Work request
A single number is wanted: how many lines of the data include the string "with".

Provided records
(* the defining relations of the modified Ariki-Koike algebra H_{n,r},
   for elements t, T of an R-algebra A *)
Definition AK_relations (R : idomainType) (A : algType R) (n r : nat)
  (q : R) (u : 'I_r -> R) (F : 'I_r -> {poly R}) (t T : nat -> A) : Prop :=
  let D := Delta u in
  let corr j := \sum_(c1 < r) \sum_(c2 < r | (c1 < c2)%N)
      ((D ^- 2 * (u c2 - u c1) * (q - q^-1)) *:
         (horner_alg (t j) (F c1) * horner_alg (t j.+1) (F c2))) in
  (forall i, (i < n.-1)%N -> (T i - q%:A) * (T i + (q^-1)%:A) = 0) /\
      (forall i, (i < n)%N -> \prod_(c < r) (t i - (u c)%:A) = 0) /\
      (forall i, (i.+1 < n.-1)%N -> T i * T i.+1 * T i = T i.+1 * T i * T i.+1) /\
      (forall i j, (i < n.-1)%N -> (j < n.-1)%N -> (i.+1 < j)%N || (j.+1 < i)%N ->
         T i * T j = T j * T i) /\
      (forall i j, (i < n)%N -> (j < n)%N -> t i * t j = t j * t i) /\
      (forall j k, (j < n.-1)%N -> (k < n)%N -> k != j -> k != j.+1 ->
         T j * t k = t k * T j) /\
      (forall j, (j < n.-1)%N -> T j * t j.+1 = t j * T j + corr j) /\
      (forall j, (j < n.-1)%N -> T j * t j = t j.+1 * T j - corr j).

Definition bk (R : idomainType) (A : algType R) (n r : nat)
  (u : 'I_r -> R) (t : nat -> A) (k : n.-tuple 'I_r) : A :=
  \prod_(i < n) \prod_(c < r | c != tnth k i)
     ((u (tnth k i) - u c)^-1 *: (t i - (u c)%:A)).

Definition kval (n r : nat) (k : n.-tuple 'I_r) (i : nat) : nat :=
  nth 0%N [seq val x | x <- k] i.

Definition Bprime (R : idomainType) (A : algType R) (n r : nat)
  (q : R) (u : 'I_r -> R) (t : nat -> A) (i j : nat) : A :=
  (- (q - q^-1)) *: \sum_(k : n.-tuple 'I_r | (kval k i < kval k j)%N) bk u t k.

Definition gen_g (R : idomainType) (A : algType R) (n r : nat)
  (q : R) (u : 'I_r -> R) (t T : nat -> A) (j : nat) : A :=
  T j + Bprime n q u t j j.+1.

Definition evalA (R : idomainType) (A : algType R) (n : nat)
  (x : nat -> A) (f : {mpoly R[n]}) : A :=
  mpoly.mmap (in_alg A) (fun i : 'I_n => x (val i)) f.

From HB Require Import structures.
From mathcomp Require Import all_boot all_order all_algebra all_fingroup.
From mathcomp Require Import mpoly.
From mathcomp Require Import ring.
Import Order.TTheory GRing.Theory Num.Theory.
Local Open Scope ring_scope.
Set Implicit Arguments. Unset Strict Implicit. Unset Printing Implicit Defensive.

(* Let L_c be the Lagrange basis at the nodes u and e_i(c) := L_c(t_i).  Since
   \prod_c (t_i - u_c) = 0, t_i e_i(c) = u_c e_i(c), and \sum_c e_i(c) = 1; moreover
   F_c = Delta L_c and b_k = \prod_i e_i(k_i).  Summing b_k over all k with prescribed
   (k_j, k_{j+1}) gives e_j(k_j) e_{j+1}(k_{j+1}), which identifies the correction term
   of the relations for T_j t_j and T_j t_{j+1} with B'_{j,j+1} (t_j - t_{j+1}).  As
   B'_{j,j+1} commutes with every t_i, adding it to T_j absorbs that correction. *)

Section NoncommutativeProducts.
Variable S : pzRingType.

Lemma bigD1_commr (I : eqType) (l : seq I) (P : pred I) (G : I -> S) i0 :
  uniq l -> i0 \in l -> P i0 -> (forall i, GRing.comm (G i0) (G i)) ->
  \prod_(i <- l | P i) G i = G i0 * \prod_(i <- l | P i && (i != i0)) G i.
Proof.
move=> + + Pi0 cG; elim: l => [//|a l IHl] /= /andP [al ul].
rewrite in_cons !big_cons; have [ea|ne] := eqVneq i0 a => /= [_|il].
  subst a; rewrite Pi0 andbF; congr (_ * _); rewrite big_seq_cond [RHS]big_seq_cond.
  by apply: eq_bigl => i; case: (boolP (i \in l)) => //= il; rewrite (memPn al i il) andbT.
by rewrite IHl // andbT; case: (P a); rewrite // !mulrA cG.
Qed.

Lemma intertwineX (g x y : S) k : g * x = y * g -> g * x ^+ k = y ^+ k * g.
Proof.
move=> gxy; elim: k => [|k IHk]; first by rewrite !expr0 mulr1 mul1r.
by rewrite !exprS mulrA gxy -mulrA IHk mulrA.
Qed.

Lemma sum_prod_ffun_fix2 (I J : finType) (G : I -> J -> S) (i1 i2 : I) (a b : J) :
  i1 != i2 -> (forall i i' c c', GRing.comm (G i c) (G i' c')) ->
  (forall i, \sum_c G i c = 1) ->
  \sum_(f : {ffun I -> J} | (f i1 == a) && (f i2 == b)) \prod_i G i (f i)
    = G i1 a * G i2 b.
Proof.
move=> i12 cG sumG.
pose Q i c := if i == i1 then c == a else if i == i2 then c == b else true.
pose H i := if i == i1 then G i1 a else if i == i2 then G i2 b else 1.
have -> : \sum_(f : {ffun I -> J} | (f i1 == a) && (f i2 == b)) \prod_i G i (f i)
    = \sum_(f in family Q) \prod_i G i (f i).
  apply: eq_bigl => f; apply/andP/familyP => [[/eqP f1 /eqP f2] i|fQ].
    by rewrite unfold_in /Q; case: eqP => [->|_]; [|case: eqP => [->|]]; rewrite ?f1 ?f2.
  by have := fQ i1; have := fQ i2; rewrite !unfold_in /Q eqxx eq_sym (negbTE i12) eqxx.
rewrite -(bigA_distr_big_dep Q) (eq_bigr H) => [|i _]; last first.
  rewrite /Q /H; case: eqP => [->|_]; first exact: big_pred1_eq.
  by case: eqP => [->|_]; [exact: big_pred1_eq | exact: sumG].
have cH i i' : GRing.comm (H i) (H i').
  rewrite /H; case: (i == i1); case: (i == i2); case: (i' == i1); case: (i' == i2);
    by [exact: commr1 | exact/commr_sym/commr1 | exact: cG].
rewrite (bigD1_commr (P := predT) (i0 := i1)) ?index_enum_uniq ?mem_index_enum //.
rewrite (bigD1_commr (i0 := i2)) ?index_enum_uniq ?mem_index_enum //=; last by rewrite eq_sym.
rewrite big1 => [|i /andP [/negbTE i1i /negbTE i2i]]; last by rewrite /H i1i i2i.
by rewrite /H eqxx eq_sym (negbTE i12) eqxx mulr1.
Qed.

Task answer
3